Calvillo might outplay Ricky Ray this weekend. And the Als’ inconsistent defence might raise the level of their game. But Owens, the league’s leading receiver this season and the player who produced the most combined yards — almost 1,200 more than British Columbia’s Tim Brown — can change a game’s momentum with one dynamic return.
In last Sunday’s division semifinal against Edmonton, Owens staked Toronto to a 14-7 lead in the second quarter with a 59-yard punt-return touchdown — a play that undoubtedly dramatically changed the game’s flow.
And yet, despite Owens’s success this season, the Als’ beleaguered special teams did a relatively successful job of minimizing the damage he inflicted. In three games against Montreal, Owens returned 15 punts for 157 yards, including a 40 yarder in the teams’ first meeting, last July. He also returned 12 kickoffs for 239 yards.
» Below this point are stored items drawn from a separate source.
Section Defs.
Variables (R : realType) (K : nat).
Implicit Types (gam pi Z Zs o : 'I_K -> R) (eps eta : R).

Definition Peps eps gam : Prop :=
  (forall k, eps <= gam k) /\ \sum_(l < K) gam l = 1.

Definition wsum Zs pi Z : R := \sum_(l < K) pi l * Zs l / Z l.

Definition gZ Zs pi Z (k : 'I_K) : R := Zs k / wsum Zs pi Z - Z k.

Definition gO gam Zs pi Z o (k : 'I_K) : R :=
  (gam k)^-1 * ((pi k * Zs k / Z k) / wsum Zs pi Z) - o k.

Definition piTSS gam eta o (k : 'I_K) : R :=
  gam k * powR (o k) (- eta) / \sum_(l < K) gam l * powR (o l) (- eta).

Definition rr gam Zs Z (k : 'I_K) : R := gam k * Zs k / Z k / wsum Zs gam Z.
Definition Vgam gam Zs Z : R :=
  - \sum_(k < K) gam k * ln (rr gam Zs Z k / gam k).

Definition partial (F : ('I_K -> R) -> R) (k : 'I_K) Z : R :=
  derive1 (fun t : R => F (fun l => if l == k then Z l + t else Z l)) 0.

Definition Dder gam Zs pi Z : R :=
  \sum_(k < K) partial (Vgam gam Zs) k Z * gZ Zs pi Z k.

End Defs.

(* Write w_k = Z*_k / Z_k.  Along g^Z(pi, .) the relative entropy V_gamma
   decreases at rate Var_gamma(w) / (E_gamma(w) W), where W = sum_k pi_k w_k,
   and Var_gamma(w) vanishes exactly when Z is proportional to Z*.  At the
   steady state of the tilts o_k^(1+eta) is proportional to w_k, so the rung
   density is proportional to gamma_k w_k^(-eta/(1+eta)) and W is the mean of w
   under these tilted weights.  Since eta/(1+eta) increases with eta and
   reweighting by a decreasing function of w lowers the mean of w (Chebyshev's
   sum inequality), W decreases, hence the decay rate increases, with eta. *)

From HB Require Import structures.
From mathcomp Require Import all_boot all_order all_algebra.
From mathcomp Require Import all_classical all_reals all_analysis.
From mathcomp Require Import ring lra.
Set Implicit Arguments. Unset Strict Implicit. Unset Printing Implicit Defensive.
Import Order.TTheory GRing.Theory Num.Theory.
Local Open Scope ring_scope.

Section PairSums.
Variables (R : realFieldType) (I : finType).
Implicit Types (F : I -> R) (f : I -> I -> R).

Lemma psumr_gt0 F i0 : (forall i, 0 <= F i) -> 0 < F i0 -> 0 < \sum_i F i.
Proof. by move=> F_ge0 Fi0; rewrite (bigD1 i0) //= ltr_wpDr ?sumr_ge0. Qed.

Lemma double_sum_symmetrize f :
  (\sum_i \sum_j f i j) *+ 2 = \sum_i \sum_j (f i j + f j i).
Proof.
rewrite mulr2n; under [RHS]eq_bigr do rewrite big_split.
by rewrite big_split /= [X in _ + X = _]exchange_big.
Qed.

Lemma double_sum_gt0 f i0 j0 :
  (forall i j, 0 <= f i j + f j i) -> 0 < f i0 j0 + f j0 i0 ->
  0 < \sum_i \sum_j f i j.
Proof.
move=> f_ge0 f_gt0.
rewrite -(pmulrn_lgt0 _ (isT : (0 < 2)%N)) double_sum_symmetrize.
apply: (psumr_gt0 (i0 := i0)) => [i|]; first exact: sumr_ge0.
exact: (psumr_gt0 (i0 := j0)).
Qed.

End PairSums.

Definition wvar (R : pzRingType) (I : finType) (q w : I -> R) : R :=
  \sum_i q i * w i ^+ 2 - (\sum_i q i * w i) ^+ 2.

Section WeightedVariance.
Variables (R : realFieldType) (I : finType) (q w : I -> R).
Hypothesis q_sum1 : \sum_i q i = 1.

Lemma wvar_pairs :
  wvar q w *+ 2 = \sum_i \sum_j q i * q j * (w i - w j) ^+ 2.
Proof.
have -> : wvar q w = \sum_i \sum_j q i * q j * (w i ^+ 2 - w i * w j).
  rewrite /wvar expr2 mulr_suml; under [X in _ - X]eq_bigr do rewrite mulr_sumr.
  rewrite -sumrB; apply: eq_bigr => i _.
  by rewrite -[q i * _]mulr1 -q_sum1 mulr_sumr -sumrB; apply: eq_bigr => j _; ring.
by rewrite double_sum_symmetrize; apply: eq_bigr => i _; apply: eq_bigr => j _; ring.
Qed.

Lemma wvar_gt0 i0 j0 : (forall i, 0 < q i) -> w i0 != w j0 -> 0 < wvar q w.
Proof.
move=> q_gt0 wij; rewrite -(pmulrn_lgt0 _ (isT : (0 < 2)%N)) wvar_pairs.
have pair_ge0 i j : 0 <= q i * q j * (w i - w j) ^+ 2.
  by rewrite mulr_ge0 ?sqr_ge0 ?mulr_ge0 ?ltW.
apply: (psumr_gt0 (i0 := i0)) => [i|]; first exact: sumr_ge0.
apply: (psumr_gt0 (i0 := j0)) => [j|]; first exact: pair_ge0.
apply: mulr_gt0; first exact: mulr_gt0.
by rewrite lt_def sqrf_eq0 subr_eq0 wij sqr_ge0.
Qed.
(* Every partial field is global: if $F$ is a partial field, then $F$ is isomorphic to $\Gamma(\mathrm{Spec}(F))=\mathcal{O}_X(X)$ where $(X,\mathcal{O}_X)=\mathrm{Spec}(F)$.
   Context: A partial ring is a set with $0$, a set of summable pairs and a commutative, unital, associative (in the sense: $(a,b),(a+b,c)$ summable iff $(b,c),(a,b+c)$ summable, and then $(a+b)+c=a+(b+c)$) partial addition, together with a commutative associative multiplication with unit $1$ such that $0\cdot a=0$ and multiplication distributes over summable pairs (if $(a_1,a_2)$ is summable then so is $(a_1x,a_2x)$ and $(a_1+a_2)x=a_1x+a_2x$). A partial field is a partial ring in which every nonzero element has a multiplicative inverse. For a partial ring $A$, $X_A$ is the set of prime ideals with the topology generated by $D(a)=\{\mathfrak p: a\notin\mathfrak p\}$; for open $U$, $S_U=\{a: a\notin\mathfrak p\ \forall \mathfrak p\in U\}$, and $\mathcal{O}_X$ is the sheafification of $U\mapsto S_U^{-1}A$ (localization: classes $a/s$ with $a/s=b/t$ iff $uta=usb$ for some $u\in S_U$). $\mathrm{Spec}(A)=(X_A,\mathcal{O}_X)$. A partial ring is global if it is isomorphic to $\Gamma(X,\mathcal{O})=\mathcal{O}(X)$ for some affine partial scheme $(X,\mathcal{O})$, i.e. a locally partial-ringed space isomorphic to $\mathrm{Spec}(A)$ for some partial ring $A$. *)

From Stdlib Require Import List.
Import ListNotations.
Set Implicit Arguments.

(* Raw data of a partial ring: carrier, 0, 1, the summability relation,
   the (partial) addition (only meaningful on summable pairs) and the
   multiplication. *)
Record PRData := {
  car :> Type;
  pzero : car;
  pone : car;
  summ : car -> car -> Prop;
  padd : car -> car -> car;
  pmul : car -> car -> car
}.
(* Let $G$ be a connected graph, $v\in V(G)$, and let $G_v$ be the graph obtained from $G$ by adding a new vertex $v'$ adjacent to $v$ and to all vertices of $N_G(v)$. Let $j\in\{1,2\}$. Then the subgraph of $\mathcal{R}(G_v)$ induced by $\{T(0,j)\mid T\in V(\mathcal{R}(G))\}$ is isomorphic to $\mathcal{R}(G)$.
   Context: For a connected graph $G$, a search tree on $G$ is a rooted tree with vertex set $V(G)$ defined recursively: its root is some vertex $r\in V(G)$, and the children of $r$ are the roots of search trees on the connected components of $G-r$. For a rooted tree $T$ and $w\in V(T)$, $T|w$ denotes the subtree rooted at $w$. Let $T$ be a search tree on $G$, let $b$ be a child of $a$ in $T$, and let $p$ be the parent of $a$ (if it exists). The $ab$-rotation transforms $T$ into the search tree $T'$ in which: $a$ is a child of $b$ and $b$ is a child of $p$ (or $b$ is the root if $a$ was the root); every subtree of $a$ in $T$ other than $T|b$ is a subtree of $a$ in $T'$; and every subtree $S$ of $b$ in $T$ is a subtree of $a$ in $T'$ if $a$ is adjacent in $G$ to some vertex of $S$, and a subtree of $b$ in $T'$ otherwise. The rotation graph $\mathcal{R}(G)$ has the search trees on $G$ as vertices, two adjacent iff they differ by one rotation. For a search tree $T$ on $G$: $T(0,1)$ is the rooted tree with root $v'$ whose only subtree is $T$; $T(0,2)$ is the rooted tree with root $v$ whose only subtree is the tree obtained from $T$ by renaming $v$ as $v'$. *)

From mathcomp Require Import all_boot.
Set Implicit Arguments. Unset Strict Implicit. Unset Printing Implicit Defensive.

Section Defs.
Variable V : finType.

(* A graph on V is given by an adjacency relation e (assumed symmetric and
   irreflexive in the theorem). *)

Definition induced (e : rel V) (A : {set V}) : rel V :=
  [rel x y | [&& x \in A, y \in A & e x y]].
Record psub := PSub { psub_val : V ; psub_proof : S psub_val }.

Lemma psub_eq (u v : psub) : psub_val u = psub_val v -> u = v.
Proof. by case: u v => [u su] [v sv] /= e; subst v; rewrite (Prop_irrelevance su sv). Qed.

HB.instance Definition _ := gen_eqMixin psub.
HB.instance Definition _ := gen_choiceMixin psub.

Lemma SN x : S x -> S (- x). Proof. by rewrite -scaleN1r; apply: SZ. Qed.

Definition psub_zero := PSub S0.
Definition psub_add u v := PSub (SD (psub_proof u) (psub_proof v)).
Definition psub_opp u := PSub (SN (psub_proof u)).
Definition psub_scale a u := PSub (SZ a (psub_proof u)).

Lemma psub_addA : associative psub_add.
Proof. by move=> u v w; apply: psub_eq; rewrite /= addrA. Qed.
Lemma psub_addC : commutative psub_add.
Proof. by move=> u v; apply: psub_eq; rewrite /= addrC. Qed.
Lemma psub_add0 : left_id psub_zero psub_add.
Proof. by move=> u; apply: psub_eq; rewrite /= add0r. Qed.
Lemma psub_addN : left_inverse psub_zero psub_opp psub_add.
Proof. by move=> u; apply: psub_eq; rewrite /= addNr. Qed.
HB.instance Definition _ := GRing.isZmodule.Build psub psub_addA psub_addC psub_add0 psub_addN.

Lemma psub_scaleA a b v : psub_scale a (psub_scale b v) = psub_scale (a * b) v.
Proof. by apply: psub_eq; rewrite /= scalerA. Qed.
Lemma psub_scale1 : left_id 1 psub_scale.
Proof. by move=> u; apply: psub_eq; rewrite /= scale1r. Qed.
Lemma psub_scaleDr : right_distributive psub_scale +%R.
Proof. by move=> a u v; apply: psub_eq; rewrite /= scalerDr. Qed.
Lemma psub_scaleDl v : {morph psub_scale^~ v: a b / a + b}.
Proof. by move=> a b; apply: psub_eq; rewrite /= scalerDl. Qed.
HB.instance Definition _ := GRing.Zmodule_isLmodule.Build R psub
  psub_scaleA psub_scale1 psub_scaleDr psub_scaleDl.

Definition psubmod : lmodType R := psub.

End PropSubmodule.

Section Lifting.
Variable R : comPzRingType.
Lemma posl_Node l :
  posl (Node l) = [seq [:: j] | j <- iota 0 (size l).+1] ++ posl_from 0 l.
Proof. by congr (_ :: (_ ++ _)); elim: l 0 => //= c l IH i; rewrite IH. Qed.

Lemma mem_posl_from i l p : p \in posl_from i l ->
  exists j p', [/\ j < size l, p' \in posl (nth leaf l j) & p = (i + j) :: p'].
Proof.
elim: l i => [|c l IH] i //=.
rewrite mem_cat => /orP [/mapP [p' Hp' ->]|/IH [j [p' [Hj Hp' ->]]]].
  by exists 0, p'; rewrite addn0.
by exists j.+1, p'; rewrite addSnnS.
Qed.

Lemma posl_from_mem i l j p : j < size l -> p \in posl (nth leaf l j) ->
  (i + j) :: p \in posl_from i l.
Proof.
elim: l i j => [|c l IH] i [|j] //= Hj Hp; rewrite mem_cat.
  by rewrite addn0 map_f.
by rewrite -addSnnS IH ?orbT.
Qed.

Lemma mem_posl_Node l p : p \in posl (Node l) ->
  (exists j, j <= size l /\ p = [:: j]) \/
  (exists j p', [/\ j < size l, p' \in posl (nth leaf l j) & p = j :: p']).
Proof.
rewrite posl_Node mem_cat => /orP [/mapP [j Hj ->]|/mem_posl_from H]; last by right.
by left; exists j; rewrite mem_iota add0n ltnS in Hj.
Qed.

Lemma wedge_mem_posl l j : j <= size l -> [:: j] \in posl (Node l).
Proof. by move=> Hj; rewrite posl_Node mem_cat map_f // mem_iota add0n ltnS. Qed.

Lemma cons_mem_posl l j p : j < size l -> p \in posl (nth leaf l j) ->
  j :: p \in posl (Node l).
Proof. by move=> Hj Hp; rewrite posl_Node mem_cat (posl_from_mem 0 Hj Hp) orbT. Qed.

Fixpoint tdim_seq (l : seq tree) : nat :=
  if l is c :: l' then maxn (tdim c).+1 (tdim_seq l') else 0.

Lemma tdim_Node l : tdim (Node l) = tdim_seq l.
Proof. by elim: l => //= c l ->. Qed.

Lemma tdim_nth l i : i < size l -> tdim (nth leaf l i) < tdim (Node l).
Proof.
rewrite tdim_Node; elim: l i => [|c l IH] [|i] //= Hi; first by rewrite leq_maxl.
exact: leq_trans (IH _ Hi) (leq_maxr _ _).
Qed.

Lemma tdim_eq0 l : tdim (Node l) <= 0 -> l = [::].
Proof. by case: l => // c l; rewrite tdim_Node /= geq_max. Qed.

Lemma size_posl B p : p \in posl B -> 0 < size p <= (tdim B).+1.
Proof.
elim/tree_nested_ind: B p => l IH p /mem_posl_Node [[j [_ ->]]|[j [p' [Hj Hp' ->]]]] //=.
have /andP [_ Hs] := IH _ Hj _ Hp'; rewrite ltnS.
exact: leq_trans Hs (tdim_nth Hj).
Qed.

Lemma uniq_posl B : uniq (posl B).
Proof.
elim/tree_nested_ind: B => l IH; rewrite posl_Node cat_uniq; apply/and3P; split.
- by rewrite map_inj_uniq ?iota_uniq // => a b [].
- apply/hasPn => q /mem_posl_from [j [p' [_ Hp' ->]]]; apply/mapP => [[k _ []]] _ E.
  by move: (size_posl Hp'); rewrite E.
- elim: l 0 IH => [|c l IHl] i //= H; rewrite cat_uniq; apply/and3P; split.
  + by rewrite map_inj_uniq; [exact: (H 0) | move=> p q []].
  + apply/hasPn => q /mem_posl_from [j [p' [_ _ ->]]]; apply/mapP => [[p _ []]] E.
    by move: (leq_addr j i.+1); rewrite E ltnn.
  + by apply: IHl => j; apply: (H j.+1).
Qed.

Lemma fat_posl V B (fs : seq (rterm V)) :
  size fs = size (posl B) -> map (fat B fs) (posl B) = fs.
Proof.
move=> Hs; apply: (@eq_from_nth _ (rcoh B None [::])); rewrite size_map // => i Hi.
by rewrite (nth_map [::]) // /fat index_uniq ?uniq_posl.
Qed.

Lemma psrc_cons i p : 1 < size p -> psrc (i :: p) = i :: psrc p.
Proof. by case: p => [|a [|b p]]. Qed.

Lemma ptgt_cons i p : 1 < size p -> ptgt (i :: p) = i :: ptgt p.
Proof. by case: p => [|a [|b p]]. Qed.

Lemma size_psrc_ptgt p : 1 < size p ->
  size (psrc p) = (size p).-1 /\ size (ptgt p) = (size p).-1.
Proof.
elim: p => [|i p IH] //=; case: p IH => [|a [|b p]] //= IH _.
by have [-> ->] := IH isT.
Qed.

Lemma psrc_ptgt_glob p : 2 < size p ->
  psrc (psrc p) = psrc (ptgt p) /\ ptgt (psrc p) = ptgt (ptgt p).
Proof.
elim: p => [|i p IH] // Hs; have Hs' : 1 < size p by [].
case: (ltnP 2 (size p)) => H; last by case: p Hs' H {Hs IH} => [|a [|b [|c p]]].
have [S1 S2] := size_psrc_ptgt Hs'.
have Hsrc : 1 < size (psrc p) by rewrite S1 -ltnS prednK // ltnW.
have Htgt : 1 < size (ptgt p) by rewrite S2 -ltnS prednK // ltnW.
rewrite psrc_cons // ptgt_cons // !psrc_cons // !ptgt_cons //.
by have [-> ->] := IH H.
Qed.

Lemma mem_psrc_ptgt B p : p \in posl B -> 1 < size p ->
  psrc p \in posl B /\ ptgt p \in posl B.
Proof.
elim/tree_nested_ind: B p => l IH p /mem_posl_Node [[j [_ ->]]|[j [p' [Hj Hp' ->]]]] // _.
case: p' Hp' => [|a [|b p']] Hp'.
- by have := size_posl Hp'.
- by rewrite !wedge_mem_posl // ltnW.
- have [H1 H2] := IH _ Hj _ Hp' isT.
  have Hs : 1 < size [:: a, b & p'] by [].
  by rewrite (psrc_cons j Hs) (ptgt_cons j Hs); split; apply: cons_mem_posl.
Qed.

Lemma bd_small B k : tdim B <= k -> bd k B = B.
Proof.
elim/tree_nested_ind: B k => l IH [|k] Hd; first by rewrite (tdim_eq0 Hd).
rewrite /=; congr Node; apply: (@eq_from_nth _ leaf); rewrite ?size_map // => i Hi.
by rewrite (nth_map leaf) // IH // -ltnS; apply: leq_trans (tdim_nth Hi) Hd.
Qed.
Lemma KTJ_compl_friendship_edge_list p m edges labels k :
  line_graph_check m edges p.+1.*2.+1 co_friend labels ->
  triangle_free_check m edges || (k == 2) -> 2 <= k -> KTJ (compl (@friend_adj p.+1)) k.
Proof.
apply: (KTJ_edge_list (code := @friend_code p.+1)) (compl_friendE (p := p.+1)).
- move=> [[i a]|] [[j b]|] //= [e].
  have /val_inj -> : val i = val j by have := congr1 half e; rewrite !half_bit_double.
  by have := congr1 odd e; rewrite !oddD !odd_double !addbF !oddb => ->.
- by move=> [[i a]|] //=; rewrite -!muln2; have := ltn_ord i; case: a => /=; lia.
- move=> [|c] c_lt; first by exists None.
  exists (Some (inord c./2, odd c)); rewrite /= inordK ?odd_double_half // ltn_half_double.
  by rewrite ltnS in c_lt.
Qed.

(* compl F_2 = K_1 + C_4 = L(K_2 + C_4). *)
Lemma KTJ_compl_friendship_2 : forall k, KTJ (compl (@friend_adj 2)) k <-> 2 <= k.
Proof.
apply: (KTJ_iff_2_le (x := None) (y := Some (ord0, false))) => // k.
exact: (KTJ_compl_friendship_edge_list (m := 5)
  (edges := [:: (0, 1); (2, 3); (3, 4); (4, 5); (5, 2)])
  (labels := [:: (0, 1); (2, 3); (4, 5); (3, 4); (5, 2)])).
Qed.

(* compl F_3 = K_1 + K_{2,2,2} = L(K_2 + K_4), where K_4 has triangles. *)
Lemma KTJ2_compl_friendship_3 : KTJ (compl (@friend_adj 3)) 2.
Proof.
exact: (KTJ_compl_friendship_edge_list (m := 5)
  (edges := [:: (0, 1); (2, 3); (2, 4); (2, 5); (3, 4); (3, 5); (4, 5)])
  (labels := [:: (0, 1); (2, 3); (4, 5); (2, 4); (3, 5); (2, 5); (3, 4)])).
Qed.

Lemma not_KTJ_compl_friendship_3 k : 3 <= k -> ~ KTJ (compl (@friend_adj 3)) k.
Proof.
move=> k3 tj.
have [w [w0 w1 w2]] := KTJ_octahedron_common_neighbour
  (x0 := Some (@Ordinal 3 0 isT, false)) (x1 := Some (@Ordinal 3 1 isT, false))
  (z := Some (@Ordinal 3 2 isT, false)) (z' := Some (@Ordinal 3 2 isT, true))
  tj k3 isT isT isT isT isT isT isT.
(* [w] would have to lie in a triangle other than 0, 1 and 2. *)
case: w w0 w1 w2 => [[i b]|] //; rewrite !compl_friend_some.
by case: i => -[|[|[|//]]] ? //= _ _ [].
Qed.

Lemma not_KTJ_compl_friendship p : 4 <= p -> forall k, ~ KTJ (compl (@friend_adj p)) k.
Proof.
case: p => [//|p] p4 k.
apply: (KTJ_no_induced_K5_minus_edge (x := fun i => Some (inord i.-1, i == 0))) => i j i5 j5.
  rewrite compl_friend_some -val_eqE /= !inordK; try lia.
  by rewrite /K_minus_edge; lia.
move=> ij; rewrite /K_minus_edge ij negbK => /eqP ij1.
have [[-> ->]|[-> ->]] : (i = 0 /\ j = 1) \/ (i = 1 /\ j = 0) by lia.
all: by rewrite (inj_eq (@Some_inj _)) xpair_eqE andbF.
Qed.

Lemma KTJ_compl_friendship_3 k : KTJ (compl (@friend_adj 3)) k <-> k = 2.
Proof.
split=> [tj|->]; last exact: KTJ2_compl_friendship_3.
have k2 : 2 <= k by apply: (KTJ_ge2 (x := None) (y := Some (ord0, false))) tj.
by case: (leqP 3 k) => [/not_KTJ_compl_friendship_3|]; [|lia].
Qed.

Theorem theorem4p10 :
  (* (1) *)
  (forall n, 2 <= n -> forall k, KTJ (compl (@Kn_adj n)) k <-> 2 <= k) /\
  (* (2) *)
  (forall n, 1 <= n -> forall k, KTJ (compl (@Kmn_adj 1 n)) k <-> 2 <= k) /\
  (* (3) *)
  (forall m n, 2 <= m -> m <= n -> forall k, KTJ (compl (@Kmn_adj m n)) k <-> 2 <= k) /\
  (* (4) *)
  (forall p, 1 <= p -> forall k, KTJ (compl (@book_adj p)) k <-> 2 <= k) /\
  (* (5) *)
  (forall n, 3 <= n <= 5 -> forall k, KTJ (compl (@path_adj n)) k <-> 2 <= k) /\
  (forall n, 6 <= n -> forall k, ~ KTJ (compl (@path_adj n)) k) /\
  (* (6) *)
  (forall n, 4 <= n <= 6 -> forall k, KTJ (compl (@cycle_adj n)) k <-> 2 <= k) /\
  (forall n, 7 <= n -> forall k, ~ KTJ (compl (@cycle_adj n)) k) /\
  (* (7) *)
  (forall p, 1 <= p <= 2 -> forall k, KTJ (compl (@friend_adj p)) k <-> 2 <= k) /\
  (forall k, KTJ (compl (@friend_adj 3)) k <-> k = 2) /\
  (forall p, 4 <= p -> forall k, ~ KTJ (compl (@friend_adj p)) k).
Proof.
split; first exact: KTJ_compl_complete.
split; first by move=> n; apply: KTJ_compl_complete_bipartite.
split; first by move=> m n m2 mn; apply: KTJ_compl_complete_bipartite; lia.
split; first by move=> p _; apply: KTJ_compl_book.
split; first exact: KTJ_compl_path_3_5.
split; first exact: not_KTJ_compl_path.
split; first exact: KTJ_compl_cycle_4_6.
split; first exact: not_KTJ_compl_cycle.
split.
  move=> [|[|[|p]]] // _.
  - exact: KTJ_compl_friendship_1.
  - exact: KTJ_compl_friendship_2.
split; first exact: KTJ_compl_friendship_3.
exact: not_KTJ_compl_friendship.
Qed.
Perhaps it took his presence to get the Als to competently cover.
“We feel, in spite of the inconsistency, our guys are in a really good place and have a level of confidence they can do a good job in this game,” Bischoff said. “We feel good about how it’s gone (against Owens) as compared to how he has done in some other games.”
As much as the Als must cover and contain Owens, it behooves Montreal punter Sean Whyte to directionally place his kicks properly.
“Special teams are going to be the factor in this game. And shutting down Chad Owens, who usually makes a dynamic play every game,” Whyte said. “I have to place the ball properly.